Lemma mpoly_nonvanish n (p : {mpoly K[n]}) : p != 0 -> exists v, p.@[v] != 0.
Proof.
elim: n p => [|n IHn] p p0.
  exists (fun _ => 0); rewrite [p]msize1_polyC ?msize_mpoly0 // mevalC.
  by apply: contraNneq p0 => p_0; rewrite [p]msize1_polyC ?msize_mpoly0 // p_0.
have P0 : muni p != 0 by rewrite (raddf_eq0 _ (bij_inj (muni_bij n K))).
have [v lc_v] : exists v, (lead_coef (muni p)).@[v] != 0.
  by apply: IHn; rewrite lead_coef_eq0.
have [|t pvt] := @poly_nonroot (map_poly (meval v) (muni p)).
  by rewrite -size_poly_eq0 size_map_poly_id0 // size_poly_eq0.
by exists (vrcons v t); rewrite meval_vrcons.
Qed.

Lemma mpoly_allroot_eq0 n (p : {mpoly K[n]}) : (forall v, p.@[v] = 0) -> p = 0.
Proof.
by move=> p_root; apply: contraTeq isT => /mpoly_nonvanish [v]; rewrite p_root eqxx.
Qed.

End ClosedField.

Section Nullstellensatz.
Variable K : closedFieldType.

(* At every [v] with [(lead_coef E).@[v] != 0] the remainder of [G ^+ N] by
   [E] specializes to a polynomial divisible by [E_v] (by dvdp_exp_roots) and
   of smaller size, hence to 0. *)
Lemma pseudo_dvdr_of_roots n (E G : {poly {mpoly K[n]}}) (N := (size E).-1) :
    E != 0 ->
    (forall v t, root (map_poly (meval v) E) t -> root (map_poly (meval v) G) t) ->
  dvdr E ((lead_coef E ^+ scalp (G ^+ N) E)%:P * G ^+ N).
Proof.
move=> E0 E_G; set c := lead_coef E; set s := scalp _ E.
pose Q := Pdiv.Idomain.divp (G ^+ N) E; pose r := Pdiv.Idomain.modp (G ^+ N) E.
have c0 : c != 0 by rewrite lead_coef_eq0.
have eG : c ^+ s *: G ^+ N = Q * E + r := Pdiv.Idomain.divp_eq (G ^+ N) E.
suff r0 : r = 0 by exists Q; rewrite mul_polyC eG r0 addr0 mulrC.
apply/polyP => i; rewrite coef0; apply: (mulfI c0); rewrite mulr0.
apply: mpoly_allroot_eq0 => v; rewrite mevalM.
have [->|cv] := eqVneq c.@[v] 0; first by rewrite mul0r.
pose ev := map_poly (meval v).
suff rv0 : ev r = 0.
  by have := congr1 (coefp i) rv0; rewrite /= coef_map coef0 => ->; rewrite mulr0.
have sEv : size (ev E) = size E by rewrite size_map_poly_id0.
have Ev0 : ev E != 0 by rewrite -size_poly_eq0 sEv size_poly_eq0.
have Ev_rv : ev E %| ev r.
  have -> : ev r = c.@[v] ^+ s *: ev G ^+ N - ev Q * ev E.
    by rewrite -!rmorphXn -map_polyZ -!rmorphM -rmorphB eG addrC addKr.
  rewrite dvdp_sub ?dvdp_mull // dvdpZr ?expf_neq0 // /N -sEv.
  by apply: dvdp_exp_roots => // t; apply: E_G.
apply/eqP; apply: contraT => rv0.
have := leq_trans (dvdp_leq rv0 Ev_rv) (size_poly _ _).
by rewrite sEv leqNgt Pdiv.Idomain.ltn_modp E0.
Qed.

Lemma prime_dvdr_of_roots n (E G : {poly {mpoly K[n]}}) :
    prime_elt E -> (1 < size E)%N ->
    (forall v t, root (map_poly (meval v) E) t -> root (map_poly (meval v) G) t) ->
  dvdr E G.
Proof.
move=> E_prime sE E_G; have E0 : E != 0 by case: E_prime.
have := pseudo_dvdr_of_roots E0 E_G.
case/(prime_elt_dvdM E_prime); last exact: prime_elt_dvdX.
rewrite rmorphXn => /(prime_elt_dvdX E_prime) /size_dvdr_polyC.
by rewrite lead_coef_eq0 leqNgt sE => /(_ E0).
Qed.

Lemma muni_roots n (e g : {mpoly K[n.+1]}) :
    (forall v, e.@[v] = 0 -> g.@[v] = 0) ->
  forall (v : 'I_n -> K) (t : K),
    root (map_poly (meval v) (muni e)) t -> root (map_poly (meval v) (muni g)) t.
Proof.
move=> e_g v t; rewrite /root => /eqP Ev; apply/eqP.
transitivity g.@[vrcons v t]; first by rewrite meval_vrcons.
by apply: e_g; rewrite meval_vrcons.
Qed.

Theorem mpoly_nullstellensatz n (e g : {mpoly K[n]}) : irreducible_elt e ->
  (forall v, e.@[v] = 0 -> g.@[v] = 0) -> dvdr e g.
Proof.
elim: n e g => [|n IHn] e g e_irr e_g.
  by have := irreducible_msize_gt1 e_irr; rewrite ltnNge msize_mpoly0.
have E_prime : prime_elt (muni e).
  exact: (iso_prime (muni_bij n K) e).2 (mpoly_irreducible_prime e_irr).
have E_irr : irreducible_elt (muni e) := iso_irreducible (muni_bij n K) e_irr.
have E_G := muni_roots e_g.
rewrite -(iso_dvdrE (muni_bij n K)) /=.
move: (muni e) (muni g) E_prime E_irr E_G => E G E_prime E_irr E_G.
have [sE|sE] := leqP (size E) 1; last exact: prime_dvdr_of_roots.
rewrite [E]size1_polyC // in E_irr E_G *; apply/dvdr_polyCP => i.
apply: IHn => [|v cv]; first exact: irreducible_elt_polyC.
have Gv0 : map_poly (meval v) G = 0.
  by apply: poly_allroot_eq0 => t; apply/eqP/E_G; rewrite map_polyC rootC /= cv.
by have := congr1 (coefp i) Gv0; rewrite /= coef_map coef0.
Qed.

End Nullstellensatz.

Theorem theorem4p4 (K : closedFieldType) (Hchar : [pchar K] =i pred0)
  (F : {mpoly K[4]}) (q : 'I_4 -> {mpoly K[3]}) (s : 3.-tuple {mpoly K[3]}) :
  proj_surface F ->
  homog_same_deg q -> gcd_is_one q ->
  image_dense_in q (zero_set F) ->
  homog_same_deg (tnth s) -> gcd_is_one (tnth s) ->
  dominant (tnth s) ->
  (~ exists A : 'I_3 -> K, is_base_point q A) ->
  gcd_is_one (fun i : 'I_4 => q i \mPo s).
Proof.
move=> _ _ _ _ _ s_coprime _ no_base d dvd_d; apply: NNPP => d_nconst.
have d0 : d != 0 by apply/eqP => d0; apply: d_nconst; rewrite /mconst d0 msize0.
have dU : d \notin GRing.unit.
  by rewrite mpoly_unitE; apply/negP => /eqP d1; apply: d_nconst; rewrite /mconst d1.
have [e e_irr [c dE]] := exists_irreducible_divisor d0 dU.
have [j e_ndvd_sj] : exists j, ~ dvdr e (tnth s j).
  apply: NNPP => e_dvd_s; have := irreducible_msize_gt1 e_irr.
  rewrite ltnNge s_coprime // => j; apply: NNPP => e_ndvd; apply: e_dvd_s; by exists j.
have [v [ev sjv]] : exists v, e.@[v] = 0 /\ (tnth s j).@[v] != 0.
  apply: NNPP => no_v; apply/e_ndvd_sj/mpoly_nullstellensatz => // v ev.
  by apply: NNPP => sjv; apply: no_v; exists v; split=> //; apply/eqP.
apply: no_base; exists (fun k => (tnth s k).@[v]); split; first by exists j.
move=> i; rewrite -comp_mpoly_meval; have [c' ->] := dvd_d i.
by rewrite dE !mevalM ev !mul0r.
Qed.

# Problem details:
From the records above, extract exactly and only the lines that begin at the line with "have E_G := muni_roots e_g." and stop after the line with "have [sE|sE] := leqP".

# Response area:
have E_G := muni_roots e_g.
rewrite -(iso_dvdrE (muni_bij n K)) /=.
move: (muni e) (muni g) E_prime E_irr E_G => E G E_prime E_irr E_G.
have [sE|sE] := leqP (size E) 1; last exact: prime_dvdr_of_roots.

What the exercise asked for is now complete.